Very well may be. But, something here now has Verizon's attention.
Verizon, AT&T win FCC auction,
Google wins open spectrum
(AFP) – Mar 20, 2008
SAN FRANCISCO (AFP) — US telecom giants Verizon Wireless and AT&T on Thursday took home the big prizes in a record-setting US wireless spectrum auction while Google got the open access it eagerly craves.
The 700 MHz band currently carries standard television broadcasts, and will be freed up when stations switch to all-digital broadcasting after February 17, 2009.
The spectrum is poised to become a conduit for high-speed telecommunications and Internet services delivered to mobile devices across the United States.
Carriers like the spectrum because signals travel long distances and penetrate buildings better than parts of the radio frequency spectrum they are now allowed to use.
Verizon bid 9.4 billion dollars for most of the licenses in the prime 700 MHz radio spectrum. AT&T won most of the regional licenses with bids totaling 6.6 billion dollars.
Meanwhile,
Google's top bid barely surpassed the 4.6-billion-dollar minimum requirement but the online search king won what it really wanted by making certain that spectrum owners can't block out Internet or telecom rivals.
"Although Google didn't pick up any spectrum licenses, the auction produced a major victory for American consumers," Google lawyers Richard Whitt and Joseph Faber said in a written response to an AFP inquiry.
"We congratulate the winners and look forward to a more open wireless world."
Google insisted the FCC make open-access a condition of sale in the coveted "C-block" of the spectrum before it signed on as a bidder.
By barely bidding more than the minimum, Google managed to pay nothing while ensuring that companies whose life blood is the Internet will be able to offer high-speed services to mobile devices on the spectrum.
"We don't necessarily have to have our own spectrum," Google co-founder Serge Brin said in an interview prior to the auction.
Google's aim was to make certain people can freely connect with the entire range of mobile telephone and Internet service providers via the spectrum, executives said.
"All they were after was open access," said analyst Rob Enderle of Enderle Group in Silicon Valley.
"Google didn't really want to buy spectrum. They got what they wanted and they got it on the cheap. It was a nice strategy well executed."
Before the auction,
Google chief executive Eric Schmidt assured reporters the California firm had no intentions to buy the spectrum, "build a network and put all these mobile devices out there."

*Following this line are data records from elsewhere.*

(* Double counting of the pairs (x, B) with x in B outside A and R:
   every block through A avoiding R has k - |A| such points. *)
Lemma sum_blocks_through_point A R :
  \sum_(x in ~: (A :|: R)) #|blocks_through (x |: A) R| =
  (k - #|A|) * #|blocks_through A R|.
Proof.
have card_inc x : #|blocks_through (x |: A) R| =
    \sum_(B in blocks_through A R) (x \in B : nat).
  rewrite -sum1_card big_mkcond [RHS]big_mkcond; apply: eq_bigr => B _.
  by rewrite blocks_throughU1l; case: (B \in _); case: (x \in B).
under eq_bigr do rewrite card_inc.
rewrite exchange_big /= mulnC -sum_nat_const; apply: eq_bigr => B.
rewrite inE => /andP [BD /andP [AB RB]].
rewrite -big_mkcondr /= sum1_card -(block_size BD) -(setIidPr AB) -cardsD.
apply: eq_card => x; rewrite unfold_in /= !inE negb_or.
case xB: (x \in B); rewrite ?andbF ?andbT //.
have xR : x \notin R by apply/negP => /(subsetP RB); rewrite inE xB.
by rewrite xR andbT.
Qed.

(* The number of blocks through A is determined by |A| when |A| <= t:
   by induction on t - |A|, using the double counting above. *)
Lemma card_blocks_containing d (A A' : {set 'I_v}) :
  #|A| = #|A'| -> #|A| + d = t ->
  #|blocks_through A set0| = #|blocks_through A' set0|.
Proof.
case: design => _ lam_count.
elim: d A A' => [|d IH] A A' AA' Ad.
  have through_only X : blocks_through X set0 = [set B in D | X \subset B].
    by apply/setP => B; rewrite !inE sub0set andbT.
  by rewrite !through_only !lam_count //; lia.
have [y yA] : exists y, y \notin A.
  have : 0 < #|~: A| by have := cardsC A; rewrite card_ord; lia.
  by case/card_gt0P => y; rewrite inE; exists y.
suff count (X : {set 'I_v}) : #|X| = #|A| ->
    (k - #|A|) * #|blocks_through X set0| =
    (v - #|A|) * #|blocks_through (y |: A) set0|.
  by apply/eqP; rewrite -(@eqn_pmul2l (k - #|A|)) ?count //; lia.
move=> XA; rewrite -XA -sum_blocks_through_point setU0.
rewrite (@sum_const_on _ _ _ #|blocks_through (y |: A) set0|).
  by rewrite cardsCs setCK card_ord.
move=> x; rewrite inE => xX; apply: IH; rewrite ?cardsU1 ?xX ?yA ?XA //; lia.
Qed.

(* More generally, for disjoint A and R with |A| + |R| <= t, the number of
   blocks through A avoiding R is determined by |A| and |R|: peel off the
   points of R one at a time with the splitting identity. *)
Lemma card_blocks_through r (A A' R R' : {set 'I_v}) :
  A \subset ~: R -> A' \subset ~: R' -> #|A| = #|A'| ->
  #|R| = r -> #|R'| = r -> #|A| + r <= t ->
  #|blocks_through A R| = #|blocks_through A' R'|.
Proof.
elim: r A A' R R' => [|r IH] A A' R R' AR AR' AA' Rr R'r Art.
  move/eqP: Rr R'r; rewrite cards_eq0 => /eqP -> /eqP; rewrite cards_eq0 => /eqP ->.
  by apply: (@card_blocks_containing (t - #|A|)); lia.
have peel (X Y : {set 'I_v}) : X \subset ~: Y -> #|Y| = r.+1 -> exists y,
    [/\ #|blocks_through X (Y :\ y)| =
        #|blocks_through (y |: X) (Y :\ y)| + #|blocks_through X Y|,
        y \notin X, #|Y :\ y| = r, X \subset ~: (Y :\ y)
      & y |: X \subset ~: (Y :\ y)].
  move=> XY Yr; have [y yY] : exists y, y \in Y by apply/card_gt0P; rewrite Yr.
  have XYy : X \subset ~: (Y :\ y).
    by apply: subset_trans XY _; rewrite setCS subD1set.
  exists y; split=> //.
  - by rewrite (card_blocks_through_split y X (Y :\ y)) setD1K.
  - by apply/negP => /(subsetP XY); rewrite inE yY.
  - by have := cardsD1 y Y; rewrite yY Yr; lia.
  - by rewrite subUset sub1set !inE eqxx XYy.
have [y [Ey yA Ry AR1 AR2]] := peel A R AR Rr.
have [y' [Ey' yA' R'y' AR1' AR2']] := peel A' R' AR' R'r.
apply/eqP; rewrite -(eqn_add2l #|blocks_through (y |: A) (R :\ y)|) -Ey.
rewrite (IH A A' (R :\ y) (R' :\ y')) //; last by lia.
rewrite (IH (y |: A) (y' |: A') (R :\ y) (R' :\ y')) ?Ey' //;
  by rewrite ?cardsU1 ?yA ?yA' ?AA' //; lia.
Qed.
(* Let $t\in\frac{m+n}{2}+\mathbb Z$ and $s:=t+\frac{n-m}{2}-1\in\mathbb Z$. (a) In the non-exceptional case, $t$ satisfies $|t-\kappa|<L+\frac12$ (equivalently, by the characterization of critical numbers, $t\in\mathrm{Crit}$) if and only if $$\check\mu_{a_j}\ge\lambda_j-s\ge\check\mu_{1+a_j}\quad\text{for } j=1,\dots,m.\qquad(I_j)$$ (b) In the exceptional case, $t$ satisfies $|t-\kappa|<L+\frac12$ if and only if $s$ satisfies $(I_j)$ for all $j\neq\frac{m+1}{2}$ together with the middle condition $$\check\mu_{\frac{n-1}{2}}\ge\lambda_{\frac{m+1}{2}}-s\ge\check\mu_{\frac{n+3}{2}}-1\quad\text{if } k \text{ is even},$$ respectively $$\lambda_{\frac{m-1}{2}}\ge\check\mu_{\frac{n+1}{2}}+s\ge\lambda_{\frac{m+3}{2}}\quad\text{if } k \text{ is odd}.$$
   Context: Let $n,m\ge1$, not both $1$. For $N\ge1$: $L_0^+(N):=\{(w,l)\in\mathbb Z\times\mathbb Z^N:\ l_1>\dots>l_N,\ l_i+l_{N+1-i}=0,\ w+l_i\equiv N+1 \bmod 2\}$; $X^+(N):=\{\mu\in\mathbb Z^N:\mu_1\ge\dots\ge\mu_N\}$; $X_0^+(N):=\{\mu\in X^+(N):\mu_i+\mu_{N+1-i}\text{ independent of } i\}$. Bijection $L_0^+(N)\to X_0^+(N)$: $(w,l)\mapsto\mu$, $\mu_i=\frac{w+l_i+2i-1-N}{2}$; inverse $w=\mu_1+\mu_N$, $l_i=2\mu_i+N+1-w-2i$. Let $\mu\in X_0^+(n)$, $\nu\in X_0^+(m)$ correspond to $(w,l)$, $(w',l')$. The dual weight is $\check\mu_i:=-\mu_{n+1-i}$. Put $\kappa:=\frac12(w+w'+1)$, $L_0:=\min\{|l_i-l'_j|: i\ne\frac{n+1}2\text{ or }j\ne\frac{m+1}2\}$, $L:=L_0/2$. The exceptional case: $n\equiv m\equiv1\bmod 2$. Standing assumptions: $l_1>l'_1$, and for every pair $(i,j)$ either $l_i\neq l'_j$ or ($n,m$ odd, $i=\frac{n+1}2$, $j=\frac{m+1}2$). Position tuple: $a_j\in\{1,\dots,n-1\}$ is the unique integer with $l_{a_j}>l'_j\ge l_{1+a_j}$, $j=1,\dots,m$. An index $j\in\{1,\dots,m-1\}$ is a jump index if $a_j<a_{j+1}$; $k$ is the number of jump indices. $\lambda_j:=\nu_j+a_j-j$. *)

(* Vectors are 1-indexed functions nat -> int; only the
   entries with index in 1..n (resp. 1..m) are ever used. *)
From HB Require Import structures.
From mathcomp Require Import all_boot all_order all_algebra.
Set Implicit Arguments. Unset Strict Implicit. Unset Printing Implicit Defensive.
Import Order.TTheory GRing.Theory Num.Theory.
Local Open Scope ring_scope.

Definition X0plus (N : nat) (mu : nat -> int) : Prop :=
  (forall i : nat, (1 <= i < N)%N -> mu i.+1 <= mu i) /\
  (forall i : nat, (1 <= i <= N)%N -> mu i + mu (N.+1 - i)%N = mu 1%N + mu N).

Definition wt (N : nat) (mu : nat -> int) : int := mu 1%N + mu N.
Definition lw (N : nat) (mu : nat -> int) (i : nat) : int :=
  2 * mu i + (N.+1)%:Z - wt N mu - 2 * i%:Z.

Definition dualw (N : nat) (mu : nat -> int) (i : nat) : int := - mu (N.+1 - i)%N.

Definition is_mid (N i : nat) : bool := odd N && (i == N.+1./2)%N.
Definition nonmid (n m i j : nat) : bool := ~~ (is_mid n i && is_mid m j).

(* L_0 = min |l_i - l'_j| over pairs (i,j) in [1,n]x[1,m] not both middle.
   The pair (1,1) is always admissible (n,m not both 1), so |l_1 - l'_1| is a
   valid seed for the minimum. *)
Definition L0 (n m : nat) (mu nu : nat -> int) : nat :=
  let d := `|lw n mu 1%N - lw m nu 1%N|%N in
  \big[minn/d]_(1 <= i < n.+1)
    \big[minn/d]_(1 <= j < m.+1 | nonmid n m i j) `|lw n mu i - lw m nu j|%N.

Definition kappa (n m : nat) (mu nu : nat -> int) : rat :=
  (wt n mu + wt m nu + 1)%:~R / 2.
Definition Lhalf (n m : nat) (mu nu : nat -> int) : rat := (L0 n m mu nu)%:R / 2.

Definition standing (n m : nat) (mu nu : nat -> int) : Prop :=
  lw m nu 1%N < lw n mu 1%N /\
  forall i j : nat, (1 <= i <= n)%N -> (1 <= j <= m)%N ->
    lw n mu i != lw m nu j \/
    [/\ odd n, odd m, i = n.+1./2 & j = m.+1./2]%N.

Definition position_tuple (n m : nat) (mu nu : nat -> int) (a : nat -> nat) : Prop :=
  forall j : nat, (1 <= j <= m)%N ->
    (1 <= a j <= n.-1)%N /\
    lw m nu j < lw n mu (a j) /\ lw n mu (a j).+1 <= lw m nu j.

Definition njumps (m : nat) (a : nat -> nat) : nat :=
  count (fun j => a j < a j.+1)%N (iota 1 m.-1).

Definition lam (nu : nat -> int) (a : nat -> nat) (j : nat) : int :=
  nu j + (a j)%:Z - j%:Z.

Definition condI (n : nat) (mu nu : nat -> int) (a : nat -> nat) (s : int) (j : nat) : Prop :=
  dualw n mu (a j) >= lam nu a j - s /\ lam nu a j - s >= dualw n mu (a j).+1.

From HB Require Import structures.
From mathcomp Require Import all_boot all_order all_algebra zify ring lra.
Set Implicit Arguments.
Unset Strict Implicit.
Unset Printing Implicit Defensive.
Import Order.TTheory GRing.Theory Num.Theory.
Local Open Scope ring_scope.

(* Write l, l' for the strictly decreasing, antisymmetric sequences attached to
   mu and nu, and z := 2 (t - kappa), an integer of parity opposite to every
   l_i - l'_j; so t is critical iff |z| < L_0.  Condition (I_j) says that
   l'_j - z still lies strictly between l_{1+a_j} and l_{a_j}: translating l' by
   -z moves no l'_j across an l_i.  If |z| < L_0 nothing can cross.  Conversely,
   if nothing crosses then |z| < |l_i - l'_j| whenever l_i <> l'_j, by applying
   the no-crossing property to (i, j) and to its mirror pair (n+1-i, m+1-j).
   In the exceptional case l_{(n+1)/2} = l'_{(m+1)/2} = 0 is discarded from
   L_0, and l'_{(m+1)/2} may only move within ]l_{(n+3)/2}, l_{(n-1)/2}[.  The
   jump indices j and m - j come in pairs, except (m-1)/2 and (m+1)/2; the
   latter is always a jump, so k is odd exactly when a_{(m-1)/2} = (n-1)/2, and
   then |l_{(n+1)/2} - l'_{(m-1)/2}| = l'_{(m-1)/2} is the binding constraint. *)

Definition decreasing_on (N : nat) (f : nat -> int) :=
  forall i j, (1 <= i)%N -> (i < j <= N)%N -> f j < f i.

Definition antisymmetric_on (N : nat) (f : nat -> int) :=
  forall i, (1 <= i <= N)%N -> f (N.+1 - i)%N = - f i.

Section DecreasingOn.
Variables (N : nat) (f : nat -> int).
Hypothesis f_decr : decreasing_on N f.

Lemma decreasing_on_le i j : (1 <= i)%N -> (i <= j <= N)%N -> f j <= f i.
Proof.
move=> i1 /andP[]; rewrite leq_eqVlt => /orP[/eqP-> // | ij jN].
by apply/ltW/f_decr; rewrite ?ij.
Qed.

Lemma decreasing_on_ltn i j :
  (1 <= i <= N)%N -> (1 <= j <= N)%N -> f i < f j -> (j < i)%N.
Proof.
move=> /andP[i1 _] /andP[_ jN] lt_ij; rewrite ltnNge.
by apply: contraTN lt_ij => ij; rewrite -leNgt decreasing_on_le ?ij.
Qed.

Lemma decreasing_on_leq i j :
  (1 <= i <= N)%N -> (1 <= j <= N)%N -> f i <= f j -> (j <= i)%N.
Proof.
move=> /andP[i1 _] /andP[_ jN] le_ij; rewrite leqNgt.
by apply: contraTN le_ij => ij; rewrite -ltNge f_decr ?ij.
Qed.

End DecreasingOn.

Lemma count_iota_reflect (p q : pred nat) b c k :
  (forall i, (i < k)%N -> p (b + i)%N = q (c + k - 1 - i)%N) ->
  count p (iota b k) = count q (iota c k).
Proof.
elim: k b => [//|k IH] b pq.
rewrite -[in RHS]addn1 iotaD count_cat /= addn0 addnC.
have -> : p b = q (c + k) by rewrite -[b]addn0 pq //; congr q; lia.
congr (_ + _); apply: IH => i ik.
by rewrite addSnnS pq; [congr q; lia | lia].
Qed.

Lemma bigminn_attained (I : eqType) (r : seq I) (P : pred I) (F : I -> nat) d :
  \big[minn/d]_(i <- r | P i) F i = d \/
  exists2 i, (i \in r) && P i & \big[minn/d]_(i <- r | P i) F i = F i.
Proof.
rewrite big_seq_cond; elim/big_ind: _ => [|x y hx hy|i ri]; [by left | | by right; exists i].
by rewrite /minn; case: ifP.
Qed.

Lemma bigminn_le (I : eqType) (r : seq I) (P : pred I) (F : I -> nat) d i :
  i \in r -> P i -> (\big[minn/d]_(k <- r | P k) F k <= F i)%N.
Proof. by move=> ir Pi; have := ge_bigmin_seq (T:=nat) d i P F ir Pi; rewrite minEnat leEnat. Qed.

Lemma nonmid_nonexc n m i j : ~~ (odd n && odd m) -> nonmid n m i j.
Proof. by apply: contra => /andP[/andP[-> _] /andP[-> _]]. Qed.

Lemma nonmid_j n m i j : j != m.+1./2 -> nonmid n m i j.
Proof. by move=> /negbTE jm; rewrite /nonmid /is_mid jm !andbF. Qed.

Lemma nonmid_i n m i j : i != n.+1./2 -> nonmid n m i j.
Proof. by move=> /negbTE im; rewrite /nonmid /is_mid im !andbF. Qed.

Record interlacing (n m : nat) (l l' : nat -> int) (a : nat -> nat) : Prop := {
  decreasing_l : decreasing_on n l;
  decreasing_l' : decreasing_on m l';
  antisymmetric_l : antisymmetric_on n l;
  antisymmetric_l' : antisymmetric_on m l';
  separated : forall i j, (1 <= i <= n)%N -> (1 <= j <= m)%N -> nonmid n m i j ->
    l i != l' j;
  position : forall j, (1 <= j <= m)%N ->
    [/\ (1 <= a j < n)%N, l' j < l (a j) & l (a j).+1 <= l' j]
}.

Section Interlacing.
Variables (n m : nat) (l l' : nat -> int) (a : nat -> nat).
Hypothesis I : interlacing n m l l' a.

Definition in_gap (z : int) j := l (a j).+1 < l' j - z < l (a j).

Definition no_cross (z : int) i j :=
  (l' j < l i -> l' j - z < l i) /\ (l i < l' j -> l i < l' j - z).

Definition min_gap (L : int) :=
  (forall i j, (1 <= i <= n)%N -> (1 <= j <= m)%N -> nonmid n m i j ->
     L <= `|l i - l' j|) /\
  exists i j, [/\ (1 <= i <= n)%N, (1 <= j <= m)%N, nonmid n m i j & L = `|l i - l' j|].

Lemma position_monotone j j' : (1 <= j)%N -> (j <= j' <= m)%N -> (a j <= a j')%N.
Proof.
move=> j1 /andP[jj' j'm].
have [/andP[aj1 ajn] above _] := position I (j := j) ltac:(lia).
have [/andP[aj'1 aj'n] _ below'] := position I (j := j') ltac:(lia).
have l'_le : l' j' <= l' j by apply: (decreasing_on_le (decreasing_l' I)); rewrite ?jj'.
suff : (a j < (a j').+1)%N by [].
by apply: (decreasing_on_ltn (decreasing_l I)); [lia | lia | lra].
Qed.

Lemma no_cross_in_gap z i j :
  (1 <= i <= n)%N -> (1 <= j <= m)%N -> in_gap z j -> no_cross z i j.
Proof.
move=> hi hj /andP[gap_lo gap_hi].
have [/andP[a1 an] above below] := position I hj.
split=> lt_ij.
- have ia : (i < (a j).+1)%N.
    by apply: (decreasing_on_ltn (decreasing_l I)); [lia | lia | lra].
  have := decreasing_on_le (decreasing_l I) (i := i) (j := a j); lia.
- have ai : (a j < i)%N.
    by apply: (decreasing_on_ltn (decreasing_l I)); [lia | lia | lra].
  have := decreasing_on_le (decreasing_l I) (i := (a j).+1) (j := i); lia.
Qed.

Lemma in_gap_of_window z L j : (1 <= j <= m)%N ->
  L <= `|l (a j) - l' j| -> L <= `|l (a j).+1 - l' j| -> `|z| < L -> in_gap z j.
Proof. by move=> hj; have [_ above below] := position I hj; rewrite /in_gap; lia. Qed.

Lemma window_of_no_cross z i j :
  (forall i j, (1 <= i <= n)%N -> (1 <= j <= m)%N -> no_cross z i j) ->
  (1 <= i <= n)%N -> (1 <= j <= m)%N -> l i != l' j -> `|z| < `|l i - l' j|.
Proof.
move=> nc hi hj ne.
have [above below] := nc i j hi hj.
have [above' below'] := nc (n.+1 - i)%N (m.+1 - j)%N ltac:(lia) ltac:(lia).
rewrite (antisymmetric_l I hi) (antisymmetric_l' I hj) !ltrN2 in above' below'.
case: (ltrgtP (l i) (l' j)) => [lt | gt | eq]; last by rewrite eq eqxx in ne.
- by have := below lt; have := above' lt; lia.
- by have := above gt; have := below' gt; lia.
Qed.

Lemma window_of_all_no_cross z L : min_gap L ->
  (forall i j, (1 <= i <= n)%N -> (1 <= j <= m)%N -> no_cross z i j) -> `|z| < L.
Proof.
move=> [_ [i [j [hi hj nm ->]]]] nc.
exact: window_of_no_cross nc hi hj (separated I hi hj nm).
Qed.

Lemma window_iff_in_gap z L : ~~ (odd n && odd m) -> min_gap L ->
  `|z| < L <-> forall j, (1 <= j <= m)%N -> in_gap z j.
Proof.
move=> ne hL; split => [w j hj | gap].
- have [/andP[a1 an] _ _] := position I hj.
  by apply: (in_gap_of_window hj _ _ w); apply: hL.1 => //; first [lia | exact: nonmid_nonexc].
- apply: window_of_all_no_cross hL _ => i j hi hj.
  exact: no_cross_in_gap hi hj (gap j hj).
Qed.

Section Exceptional.
Hypotheses (n_odd : odd n) (m_odd : odd m).

Lemma three_le_n : (3 <= n)%N.
Proof. by have [/andP[a1 an] _ _] := position I (j := m.+1./2) ltac:(lia); lia. Qed.

Lemma l_mid : l n.+1./2 = 0.
Proof.
have := antisymmetric_l I (i := n.+1./2) ltac:(lia).
by rewrite (_ : (n.+1 - n.+1./2 = n.+1./2)%N); lia.
Qed.

Lemma l'_mid : l' m.+1./2 = 0.
Proof.
have := antisymmetric_l' I (i := m.+1./2) ltac:(lia).
by rewrite (_ : (m.+1 - m.+1./2 = m.+1./2)%N); lia.
Qed.

Lemma l_below_mid_gt0 : 0 < l n.-1./2.
Proof.
have n3 := three_le_n; rewrite -l_mid.
by apply: (decreasing_l I (i := n.-1./2) (j := n.+1./2)); lia.
Qed.

Lemma l_above_mid : l (n + 3)./2 = - l n.-1./2.
Proof.
have n3 := three_le_n.
have -> : ((n + 3)./2 = n.+1 - n.-1./2)%N by lia.
by rewrite (antisymmetric_l I) //; lia.
Qed.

"Wouldn't it be better if all these other companies do that and we just sit back and reap a benefit?" Schmidt said. "The auction is a tactic to an outcome and the outcome is end-user choice."
Verizon bought all the licenses in the C-block, except for Puerto Rico, for 4.7 billion dollars.
"We were successful in achieving the spectrum depth we need to continue to grow our business and data revenues ... and to continue to lead in data services and help us satisfy the next wave of services and consumer electronics devices," Verizon Wireless, which is owned by Verizon Communications and Vodafone Group, said in a statement.
The new rules mark a revolution in the US cellphone industry, where customers have largely been tied exclusively to their operators' handsets and applications.
"The locked nature of mobile phones really slows down innovation in the US market with respect to mobile" Brin said in the interview.
"In comparison, Europe is really quite ahead and typically doesn't have the phone locked to the network. We want to do as much as possible to make that happen."
The FCC raised a record 19.6 billion dollars in 261 rounds of bidding. There were 101 winners among 214 bidders.
"As a result of the auction, consumers whose devices use the C-block of spectrum soon will be able to use any wireless device they wish, and download to their devices any applications and content they wish," Whitt and Faber said.
"Consumers soon should begin enjoying new, Internet-like freedom to get the most out of their mobile phones and other wireless devices."
AT&T, the nation's largest telecom, won the bulk of the B-block licenses.
The D-block, which requires the buyer to work with authorities and set aside airwaves for public-safety and emergency uses, went unsold.